The output is the lines below from the one with "if excluded_middle_informative P" through the one with "Variable eqdec : forall", both included, printed exactly and with no other line.
+++
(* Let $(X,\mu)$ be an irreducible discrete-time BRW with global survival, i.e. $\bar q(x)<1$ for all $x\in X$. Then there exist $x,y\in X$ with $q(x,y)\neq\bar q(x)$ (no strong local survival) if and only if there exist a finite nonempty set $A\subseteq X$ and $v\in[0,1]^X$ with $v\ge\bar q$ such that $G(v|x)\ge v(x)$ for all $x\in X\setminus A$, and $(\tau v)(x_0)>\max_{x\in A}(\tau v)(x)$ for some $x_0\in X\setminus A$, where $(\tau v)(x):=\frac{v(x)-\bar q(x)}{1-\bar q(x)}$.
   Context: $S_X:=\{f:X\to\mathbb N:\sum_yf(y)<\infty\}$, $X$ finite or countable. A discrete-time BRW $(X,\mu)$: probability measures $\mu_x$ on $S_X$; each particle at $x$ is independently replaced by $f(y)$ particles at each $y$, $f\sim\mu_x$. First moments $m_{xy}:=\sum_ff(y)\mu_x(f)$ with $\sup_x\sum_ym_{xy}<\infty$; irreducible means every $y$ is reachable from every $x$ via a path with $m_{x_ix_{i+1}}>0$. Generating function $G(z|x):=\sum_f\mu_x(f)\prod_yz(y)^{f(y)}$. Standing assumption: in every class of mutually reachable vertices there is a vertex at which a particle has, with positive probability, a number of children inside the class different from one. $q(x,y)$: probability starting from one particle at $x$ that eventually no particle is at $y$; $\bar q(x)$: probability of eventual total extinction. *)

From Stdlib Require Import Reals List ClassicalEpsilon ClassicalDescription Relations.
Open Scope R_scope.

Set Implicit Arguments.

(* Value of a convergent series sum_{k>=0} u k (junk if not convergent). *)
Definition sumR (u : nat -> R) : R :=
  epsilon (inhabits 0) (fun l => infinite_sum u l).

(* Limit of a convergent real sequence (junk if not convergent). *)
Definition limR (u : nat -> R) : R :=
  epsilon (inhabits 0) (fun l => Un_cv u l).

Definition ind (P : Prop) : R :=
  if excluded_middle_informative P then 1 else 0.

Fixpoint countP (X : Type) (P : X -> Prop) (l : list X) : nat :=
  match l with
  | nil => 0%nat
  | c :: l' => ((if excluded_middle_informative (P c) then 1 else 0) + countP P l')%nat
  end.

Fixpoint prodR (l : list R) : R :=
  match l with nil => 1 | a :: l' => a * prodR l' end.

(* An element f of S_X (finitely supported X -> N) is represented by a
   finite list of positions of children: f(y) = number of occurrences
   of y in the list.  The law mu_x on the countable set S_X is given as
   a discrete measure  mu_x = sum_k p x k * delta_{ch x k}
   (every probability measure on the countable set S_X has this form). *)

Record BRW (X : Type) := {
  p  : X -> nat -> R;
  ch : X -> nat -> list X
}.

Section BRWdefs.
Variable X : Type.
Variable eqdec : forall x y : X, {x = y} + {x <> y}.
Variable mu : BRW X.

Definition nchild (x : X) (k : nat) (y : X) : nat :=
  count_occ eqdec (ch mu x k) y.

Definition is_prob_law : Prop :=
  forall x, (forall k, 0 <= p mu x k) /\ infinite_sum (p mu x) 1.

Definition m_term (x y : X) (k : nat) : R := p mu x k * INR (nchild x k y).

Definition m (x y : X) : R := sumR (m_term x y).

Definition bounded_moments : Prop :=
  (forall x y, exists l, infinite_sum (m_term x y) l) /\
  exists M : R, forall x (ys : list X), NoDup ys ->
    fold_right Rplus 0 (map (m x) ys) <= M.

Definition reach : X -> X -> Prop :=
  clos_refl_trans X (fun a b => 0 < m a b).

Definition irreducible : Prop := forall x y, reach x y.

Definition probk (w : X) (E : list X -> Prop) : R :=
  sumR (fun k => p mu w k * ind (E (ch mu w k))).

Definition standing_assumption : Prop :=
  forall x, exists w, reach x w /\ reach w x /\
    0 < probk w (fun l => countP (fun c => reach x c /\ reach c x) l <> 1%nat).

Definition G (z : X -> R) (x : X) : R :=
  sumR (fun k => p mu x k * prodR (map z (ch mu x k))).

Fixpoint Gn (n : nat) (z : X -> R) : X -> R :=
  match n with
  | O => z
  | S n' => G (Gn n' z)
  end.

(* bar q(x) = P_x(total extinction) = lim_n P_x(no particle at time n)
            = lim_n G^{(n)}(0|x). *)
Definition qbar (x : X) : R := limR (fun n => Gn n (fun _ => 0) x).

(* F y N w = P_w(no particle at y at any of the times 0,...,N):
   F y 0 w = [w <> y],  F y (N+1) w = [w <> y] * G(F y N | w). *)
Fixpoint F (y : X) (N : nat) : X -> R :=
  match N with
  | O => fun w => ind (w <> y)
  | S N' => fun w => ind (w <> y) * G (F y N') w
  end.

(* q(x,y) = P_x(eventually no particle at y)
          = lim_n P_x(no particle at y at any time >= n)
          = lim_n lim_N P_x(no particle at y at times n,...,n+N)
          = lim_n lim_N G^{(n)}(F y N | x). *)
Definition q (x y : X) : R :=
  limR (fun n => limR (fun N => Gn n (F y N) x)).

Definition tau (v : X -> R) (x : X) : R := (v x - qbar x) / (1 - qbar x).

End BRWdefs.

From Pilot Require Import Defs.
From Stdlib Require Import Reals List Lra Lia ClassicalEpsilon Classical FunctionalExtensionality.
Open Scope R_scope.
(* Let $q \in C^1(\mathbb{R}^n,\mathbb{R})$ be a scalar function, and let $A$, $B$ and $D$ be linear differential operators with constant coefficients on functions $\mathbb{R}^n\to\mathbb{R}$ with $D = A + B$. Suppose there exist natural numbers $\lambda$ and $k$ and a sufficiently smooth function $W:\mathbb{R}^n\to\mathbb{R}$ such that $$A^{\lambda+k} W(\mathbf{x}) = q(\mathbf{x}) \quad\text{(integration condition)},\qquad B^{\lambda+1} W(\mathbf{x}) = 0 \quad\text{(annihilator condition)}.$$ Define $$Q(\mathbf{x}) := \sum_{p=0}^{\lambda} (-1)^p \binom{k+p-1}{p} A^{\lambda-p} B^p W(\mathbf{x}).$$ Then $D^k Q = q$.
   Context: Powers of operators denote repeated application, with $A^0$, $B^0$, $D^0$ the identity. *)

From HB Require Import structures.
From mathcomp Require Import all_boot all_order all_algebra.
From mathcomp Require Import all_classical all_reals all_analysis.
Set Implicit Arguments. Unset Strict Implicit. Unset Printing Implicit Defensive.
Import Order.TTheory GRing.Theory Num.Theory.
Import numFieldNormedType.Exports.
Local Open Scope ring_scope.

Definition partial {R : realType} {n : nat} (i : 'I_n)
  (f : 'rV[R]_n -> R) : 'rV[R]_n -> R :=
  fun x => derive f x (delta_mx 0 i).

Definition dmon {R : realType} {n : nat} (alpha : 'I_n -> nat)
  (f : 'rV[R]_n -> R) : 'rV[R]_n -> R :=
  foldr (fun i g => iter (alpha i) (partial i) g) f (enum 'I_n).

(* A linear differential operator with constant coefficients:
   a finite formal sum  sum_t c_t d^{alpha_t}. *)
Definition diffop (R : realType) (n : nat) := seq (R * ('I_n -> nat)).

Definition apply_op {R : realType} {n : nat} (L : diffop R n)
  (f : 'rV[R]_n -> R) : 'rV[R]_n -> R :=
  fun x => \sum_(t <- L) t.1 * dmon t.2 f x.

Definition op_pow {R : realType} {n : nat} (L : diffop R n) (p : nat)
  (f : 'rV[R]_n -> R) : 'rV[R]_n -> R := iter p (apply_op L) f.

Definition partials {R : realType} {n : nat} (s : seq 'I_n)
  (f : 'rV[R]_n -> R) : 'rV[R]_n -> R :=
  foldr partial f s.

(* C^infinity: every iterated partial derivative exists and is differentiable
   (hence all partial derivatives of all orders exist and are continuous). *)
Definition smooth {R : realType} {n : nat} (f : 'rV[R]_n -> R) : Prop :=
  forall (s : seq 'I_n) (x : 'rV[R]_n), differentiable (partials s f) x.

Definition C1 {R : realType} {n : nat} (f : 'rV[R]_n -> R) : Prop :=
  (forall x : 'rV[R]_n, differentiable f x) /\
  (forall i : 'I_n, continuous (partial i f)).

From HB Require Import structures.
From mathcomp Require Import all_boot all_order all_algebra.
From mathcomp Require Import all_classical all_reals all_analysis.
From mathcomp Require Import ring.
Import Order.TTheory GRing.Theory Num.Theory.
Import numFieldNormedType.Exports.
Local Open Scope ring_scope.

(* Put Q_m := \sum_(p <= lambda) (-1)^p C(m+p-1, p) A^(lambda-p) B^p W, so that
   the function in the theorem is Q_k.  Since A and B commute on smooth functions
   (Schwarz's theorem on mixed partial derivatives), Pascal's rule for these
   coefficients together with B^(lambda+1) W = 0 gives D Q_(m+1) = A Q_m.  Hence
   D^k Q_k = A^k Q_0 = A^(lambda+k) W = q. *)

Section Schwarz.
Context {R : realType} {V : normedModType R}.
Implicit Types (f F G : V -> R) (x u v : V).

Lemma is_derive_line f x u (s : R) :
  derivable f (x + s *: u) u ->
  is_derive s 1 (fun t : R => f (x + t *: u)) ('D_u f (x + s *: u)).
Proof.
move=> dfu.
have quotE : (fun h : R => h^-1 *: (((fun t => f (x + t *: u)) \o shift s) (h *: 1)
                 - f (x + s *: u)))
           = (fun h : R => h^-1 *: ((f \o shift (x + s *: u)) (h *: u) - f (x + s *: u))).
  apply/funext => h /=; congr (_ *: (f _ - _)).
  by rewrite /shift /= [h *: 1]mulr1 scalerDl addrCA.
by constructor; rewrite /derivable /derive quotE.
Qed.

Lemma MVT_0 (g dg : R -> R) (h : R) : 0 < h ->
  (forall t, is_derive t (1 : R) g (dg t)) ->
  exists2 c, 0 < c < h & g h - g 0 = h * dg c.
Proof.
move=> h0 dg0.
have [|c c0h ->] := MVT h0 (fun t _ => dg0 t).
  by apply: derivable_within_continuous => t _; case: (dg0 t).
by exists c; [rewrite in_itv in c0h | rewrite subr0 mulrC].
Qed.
+++
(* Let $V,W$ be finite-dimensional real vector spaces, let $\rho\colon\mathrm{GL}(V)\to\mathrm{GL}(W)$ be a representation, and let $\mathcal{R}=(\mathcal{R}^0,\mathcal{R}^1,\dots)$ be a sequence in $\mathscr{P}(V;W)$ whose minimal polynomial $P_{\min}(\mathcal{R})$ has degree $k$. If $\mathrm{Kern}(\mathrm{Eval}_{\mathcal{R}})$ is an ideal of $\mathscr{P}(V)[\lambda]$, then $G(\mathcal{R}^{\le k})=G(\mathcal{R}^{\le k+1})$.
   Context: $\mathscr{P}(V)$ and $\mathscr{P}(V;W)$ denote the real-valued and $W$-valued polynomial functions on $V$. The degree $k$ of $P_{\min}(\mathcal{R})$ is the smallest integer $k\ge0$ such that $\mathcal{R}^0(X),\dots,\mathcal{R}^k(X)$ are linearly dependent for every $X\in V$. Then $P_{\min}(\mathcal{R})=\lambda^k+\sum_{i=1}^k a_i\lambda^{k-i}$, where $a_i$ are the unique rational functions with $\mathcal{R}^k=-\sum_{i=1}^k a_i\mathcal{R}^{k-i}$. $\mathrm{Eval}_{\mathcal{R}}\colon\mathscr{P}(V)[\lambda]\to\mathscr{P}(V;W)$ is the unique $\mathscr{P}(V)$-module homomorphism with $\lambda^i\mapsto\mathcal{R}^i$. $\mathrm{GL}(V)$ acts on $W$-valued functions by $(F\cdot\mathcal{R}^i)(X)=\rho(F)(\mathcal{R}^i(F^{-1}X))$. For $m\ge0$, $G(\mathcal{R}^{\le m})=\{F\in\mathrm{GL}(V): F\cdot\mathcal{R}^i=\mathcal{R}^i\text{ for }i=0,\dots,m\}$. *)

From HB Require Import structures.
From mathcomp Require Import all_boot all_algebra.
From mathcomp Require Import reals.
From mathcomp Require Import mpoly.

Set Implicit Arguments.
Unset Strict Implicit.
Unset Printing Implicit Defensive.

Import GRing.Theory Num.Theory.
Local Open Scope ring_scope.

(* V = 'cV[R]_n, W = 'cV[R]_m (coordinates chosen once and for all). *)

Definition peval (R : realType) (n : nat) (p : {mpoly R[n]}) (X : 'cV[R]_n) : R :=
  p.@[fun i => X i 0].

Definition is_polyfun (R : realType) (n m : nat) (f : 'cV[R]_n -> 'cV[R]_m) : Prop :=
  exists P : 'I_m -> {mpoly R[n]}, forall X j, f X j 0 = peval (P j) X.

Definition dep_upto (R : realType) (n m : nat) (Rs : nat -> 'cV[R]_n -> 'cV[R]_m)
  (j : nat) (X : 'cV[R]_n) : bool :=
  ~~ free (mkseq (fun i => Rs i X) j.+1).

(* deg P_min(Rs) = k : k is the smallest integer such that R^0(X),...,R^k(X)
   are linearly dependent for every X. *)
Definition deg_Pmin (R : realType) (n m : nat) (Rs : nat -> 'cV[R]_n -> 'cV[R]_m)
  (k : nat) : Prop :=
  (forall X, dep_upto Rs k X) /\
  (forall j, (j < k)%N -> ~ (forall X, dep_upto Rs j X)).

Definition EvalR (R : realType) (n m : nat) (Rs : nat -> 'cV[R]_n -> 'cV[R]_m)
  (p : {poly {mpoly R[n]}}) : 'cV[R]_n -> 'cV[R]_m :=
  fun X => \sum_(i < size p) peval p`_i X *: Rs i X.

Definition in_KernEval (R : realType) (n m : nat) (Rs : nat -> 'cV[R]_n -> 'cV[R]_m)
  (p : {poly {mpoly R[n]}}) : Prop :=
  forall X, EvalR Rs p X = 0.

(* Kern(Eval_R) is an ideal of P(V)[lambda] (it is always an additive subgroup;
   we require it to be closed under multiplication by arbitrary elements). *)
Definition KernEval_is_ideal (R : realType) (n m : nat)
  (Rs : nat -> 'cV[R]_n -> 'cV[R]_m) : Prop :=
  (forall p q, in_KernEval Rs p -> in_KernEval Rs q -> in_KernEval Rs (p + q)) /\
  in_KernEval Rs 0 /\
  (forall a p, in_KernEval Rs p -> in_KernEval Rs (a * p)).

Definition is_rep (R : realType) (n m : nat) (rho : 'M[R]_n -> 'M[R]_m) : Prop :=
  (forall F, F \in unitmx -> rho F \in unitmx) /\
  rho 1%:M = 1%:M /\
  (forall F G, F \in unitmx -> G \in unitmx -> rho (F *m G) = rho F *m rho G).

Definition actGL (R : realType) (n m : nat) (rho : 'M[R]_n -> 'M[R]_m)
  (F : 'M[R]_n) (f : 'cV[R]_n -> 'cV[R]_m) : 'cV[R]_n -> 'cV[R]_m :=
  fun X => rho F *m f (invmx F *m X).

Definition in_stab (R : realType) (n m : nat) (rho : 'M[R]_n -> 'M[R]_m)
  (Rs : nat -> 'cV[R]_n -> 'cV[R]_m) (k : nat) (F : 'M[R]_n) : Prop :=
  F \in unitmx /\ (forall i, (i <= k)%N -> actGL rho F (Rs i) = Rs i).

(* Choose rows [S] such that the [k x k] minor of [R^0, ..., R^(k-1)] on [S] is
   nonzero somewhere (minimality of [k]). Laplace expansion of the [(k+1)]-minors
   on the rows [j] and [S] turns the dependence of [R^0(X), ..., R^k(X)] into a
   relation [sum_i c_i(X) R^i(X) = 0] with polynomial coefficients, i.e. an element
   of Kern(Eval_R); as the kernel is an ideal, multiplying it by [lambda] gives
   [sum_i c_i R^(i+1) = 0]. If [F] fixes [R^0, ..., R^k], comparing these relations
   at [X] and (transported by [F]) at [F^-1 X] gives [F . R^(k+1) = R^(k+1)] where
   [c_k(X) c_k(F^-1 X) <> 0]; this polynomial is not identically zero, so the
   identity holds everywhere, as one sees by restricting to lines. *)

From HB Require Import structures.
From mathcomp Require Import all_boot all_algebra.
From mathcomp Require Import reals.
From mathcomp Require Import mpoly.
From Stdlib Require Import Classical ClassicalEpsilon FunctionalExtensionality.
+++
Answer to this task ::
  if excluded_middle_informative P then 1 else 0.

Fixpoint countP (X : Type) (P : X -> Prop) (l : list X) : nat :=
  match l with
  | nil => 0%nat
  | c :: l' => ((if excluded_middle_informative (P c) then 1 else 0) + countP P l')%nat
  end.

Fixpoint prodR (l : list R) : R :=
  match l with nil => 1 | a :: l' => a * prodR l' end.

(* An element f of S_X (finitely supported X -> N) is represented by a
   finite list of positions of children: f(y) = number of occurrences
   of y in the list.  The law mu_x on the countable set S_X is given as
   a discrete measure  mu_x = sum_k p x k * delta_{ch x k}
   (every probability measure on the countable set S_X has this form). *)

Record BRW (X : Type) := {
  p  : X -> nat -> R;
  ch : X -> nat -> list X
}.

Section BRWdefs.
Variable X : Type.
Variable eqdec : forall x y : X, {x = y} + {x <> y}.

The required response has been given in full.